Но, конечно, там, где царствует актер, на первом плане его наряд. И я не сомневаюсь, что в этой области за Ходасевич останется одно из самых блестящих мест в нашем театре. Обдуманное и тонкое выделение костюма на фоне декорации, геометрическая простота и четкость, не оставляющие художника даже при самом смелом размахе фантазии и всегда с величайшей точностью оттеняющие движение актеров и меткость характеристики, учет драматического значения данною действующего {181} лица в пьесе — эти качества одинаково проявились в работе над современным и старинным репертуаром. Мольер, шекспировская Англия, commedia dell’arte, театральный Восток, итальянское возрождение — почти во всех этих работах Ходасевич доказала свое уменье не подчиняться стилю, а подчинять его себе, давать синтетическое упрощение, вполне свободное от увлечения стильными деталями и частностями. Если некоторое подчинение стилю можно было еще заметить в костюмах «Виндзорских проказниц» (1920 г.), то такие костюмы как Дездемона и Лодовико в «Отелло» (1927 г.) — блестящее по остроумию сведение возрожденской одежды к ее основам.

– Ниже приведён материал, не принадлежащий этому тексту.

Lemma annihilates_restrict u (P : pred (outcome n m)) :
  (forall x, u x != 0 -> P x.1 = P x.2) -> (forall f, annihilates u f) ->
  forall f, annihilates (fun x => if P x.2 then u x else 0) f.
Proof.
move=> P_same annihil f.
rewrite /annihilates -[RHS](annihil (fun o => if P o then f o else 0)).
apply: eq_bigr => x _; have [->|nz_x] := eqVneq (u x) 0.
  by rewrite if_same !mul0r.
by rewrite P_same //; case: (P x.2); rewrite ?subrr ?mul0r ?mulr0.
Qed.

Lemma shattered_annihilator_eq0 (C : cpnet n m -> Prop) S u :
  (forall N, C N -> wf_cpnet N /\ acyclic N) -> shattered C S ->
  (forall x, u x != 0 -> x \in S) -> (forall f, annihilates u f) ->
  forall x, u x = 0.
Proof.
move=> C_acyclic [S_swap S_shat]; have [d] := ubnP #|[set x | u x != 0]|.
elim: d u => // d IH u supp_lt uS annihil x0; apply/eqP/negPn/negP => nz_x0.
have [N [CN N_S]] := S_shat _ (sign_labels_sub S u).
have [N_wf N_acyclic] := C_acyclic N CN.
pose flipped w := [exists x, (u x != 0) && flips x w].
have [v0 flip_x0] := swapP _ (S_swap _ (uS _ nz_x0)).
have flipped_v0 : flipped v0 by apply/existsP; exists x0; rewrite nz_x0.
have [v [/existsP[x1 /andP[nz_x1 flip_x1]] _ min_v]] :=
  minimal_ancestor N_acyclic flipped_v0.
have parents_fixed x : u x != 0 -> {in Pa N v, forall p, x.1 p = x.2 p}.
  move=> nz_x p pv; have [w flip_w] := swapP _ (S_swap _ (uS _ nz_x)).
  case/flipsP: (flip_w) => agree _; apply: agree.
  apply: contraNneq (min_v p pv) => ->.
  by apply/existsP; exists x; rewrite nz_x.
(* Support pairs never change the parents of v, so restricting u to one
   parent context of v keeps it an annihilator. *)
pose P := parents_agree N v x1.2.
have P_x1 : P x1.2 by apply/forall_inP => p _.
case: (boolP [exists x, (u x != 0) && ~~ P x.2]).
  case/existsP=> x /andP[nz_x notP].
  pose u' x := if P x.2 then u x else 0.
  have supp_u' : [set x | u' x != 0] \proper [set x | u x != 0].
    apply/properP; split; last by exists x; rewrite !inE /u' ?(negbTE notP) ?eqxx.
    by apply/subsetP => y; rewrite !inE /u'; case: ifP; rewrite ?eqxx.
  have u'_x1 : u' x1 = 0.
    apply: (IH u' (leq_trans (proper_card supp_u') supp_lt) _ _ x1).
      by move=> y; rewrite /u'; case: ifP => _; [apply: uS | rewrite eqxx].
    apply: annihilates_restrict annihil => y nz_y.
    by apply: eq_forallb_in => p pv; rewrite parents_fixed.
  by move: u'_x1; rewrite /u' P_x1 => /eqP; apply/negP.
move=> all_P; have same_cpt x : u x != 0 -> flips x v -> cpt N v x.2 = cpt N v x1.2.
  move=> nz_x _; case: N_wf => _ cpt_local _ _; apply: cpt_local => p pv.
  move/existsPn: all_P => /(_ x); rewrite nz_x negbK => /forall_inP/(_ p pv).
  by move/eqP.
apply: (sign_labels_not_realized S_swap N_wf N_acyclic uS N_S nz_x1 flip_x1).
  exact: same_cpt.
by move=> rho; apply: annihil.
Qed.

Lemma shattered_card_le_acyclic (C : cpnet n m -> Prop) S :
  (forall N, C N -> wf_cpnet N /\ acyclic N) -> shattered C S ->
  (#|S| <= m ^ n - 1)%N.
Proof.
move=> C_acyclic S_shat; rewrite leqNgt; apply/negP => S_large.
have [[o0 o0'] _] := exists_mem_of_card_gt S_large.
have JJ_lt_S : (#|[set~ o0]| < #|S|)%N.
  by rewrite cardsC1 card_ffun !card_ord -subn1.
pose M (x : X) o : rat := (x.1 == o)%:R - (x.2 == o)%:R.
have [u [uS [x nz_x] annihil]] := exists_annihilating_weights M JJ_lt_S.
have annihil_all f : annihilates u f.
  rewrite /annihilates -[RHS](annihil (fun o => f o - f o0)); last first.
    by move=> o; rewrite !inE negbK => /eqP ->; rewrite subrr.
  by apply: eq_bigr => y _; rewrite (sub_as_delta_sum f o0).
by rewrite (shattered_annihilator_eq0 C_acyclic S_shat uS annihil_all) eqxx in nz_x.
Qed.

Lemma shattered_card_le_parentless (C : cpnet n m -> Prop) S :
  (forall N, C N -> wf_cpnet N /\ forall i, Pa N i = set0) -> shattered C S ->
  (#|S| <= (m - 1) * n)%N.
Proof.
move=> C_parentless [S_swap S_shat]; rewrite leqNgt; apply/negP => S_large.
have [x0 x0S] := exists_mem_of_card_gt S_large.
have [v0 _] := swapP _ (S_swap _ x0S); pose z := x0.1 v0.
pose JJ := [set p : 'I_n * 'I_m | p.2 != z].
have JJ_lt_S : (#|JJ| < #|S|)%N.
  have -> : JJ = setX [set: 'I_n] [set~ z] by apply/setP => p; rewrite !inE.
  by rewrite cardsX cardsT cardsC1 !card_ord mulnC -subn1.
pose M (x : X) (p : 'I_n * 'I_m) : rat :=
  (x.1 p.1 == p.2)%:R - (x.2 p.1 == p.2)%:R.
have [u [uS [x1 nz_x1] annihil]] := exists_annihilating_weights M JJ_lt_S.
have [N [CN N_S]] := S_shat _ (sign_labels_sub S u).
have [N_wf no_parents] := C_parentless N CN.
have N_acyclic : acyclic N by move=> i j; rewrite /pa_edge no_parents inE.
have [v flip_x1] := swapP _ (S_swap _ (uS _ nz_x1)).
apply: (sign_labels_not_realized S_swap N_wf N_acyclic uS N_S nz_x1 flip_x1).
  move=> x _ _; case: N_wf => _ cpt_local _ _.
  by apply: cpt_local => p; rewrite no_parents inE.
move=> rho; pose g (p : 'I_n * 'I_m) := (p.1 == v)%:R * (rho p.2 - rho z).
rewrite /annihilates -[RHS](annihil g); last first.
  by move=> p; rewrite !inE negbK => /eqP eq_p; rewrite /g eq_p subrr mulr0.
apply: eq_bigr => x _; congr (_ * _).
rewrite -(pair_bigA _ (fun w a => g (w, a) * M x (w, a))).
rewrite (bigD1 v) //= [X in _ = _ + X]big1 ?addr0; last first.
  by move=> w /negbTE neq_wv; apply: big1 => a _; rewrite /g /= neq_wv !mul0r.
by rewrite (sub_as_delta_sum rho z); apply: eq_bigr => a _; rewrite /g /= eqxx mul1r.
Qed.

И все же я думаю, что еще поразительнее удачи Ходасевич в области современного костюма. Это одновременно и наблюдательная передача, ироническое изображение действительности и создание новых, по острому современных форм. Смотря на ее работы в оперетте, видишь, что она, конечно, могла бы настолько же изображать, как и создавать буржуазные моды на Западе. Но что она при этом способна и на острейшую социальную характеристику, доказывают первые же ее {182} работы в этой области. Любопытная профессионально-бытовая подробность. Когда весной 1920 г. я написал сценарий политического обозрения «Версальские Благодетели», ставя задачей спектакля создание четких политических масок современности, мы встретились с тем неожиданным затруднением, что эскизы костюмов показались в мастерских трудными до невыполнимости, настолько ряд приемов, канонизировавшихся с тех пор в современном театральном костюме, казался тогда диковинным и необычайным. Костюмы были осилены мастерскими через год, когда я уже забыл и думать о бедном моем обозрении.
Я чувствую, что полнота описания требует от меня упомянуть и об эскизах гримов, так как и в этой области Ходасевич показала большой ряд глубоко современных, характерных и полных юмора работ, но и это мало приблизит меня к тому, чтобы дать портрет театрального художника. Что же делать! Режиссеру легче создать предлог для нового творчества художнику, которого он оценит, чем охарактеризовать путь, им уже пройденный. И мне гораздо веселее работать с В. М. Ходасевич, чем писать о ней.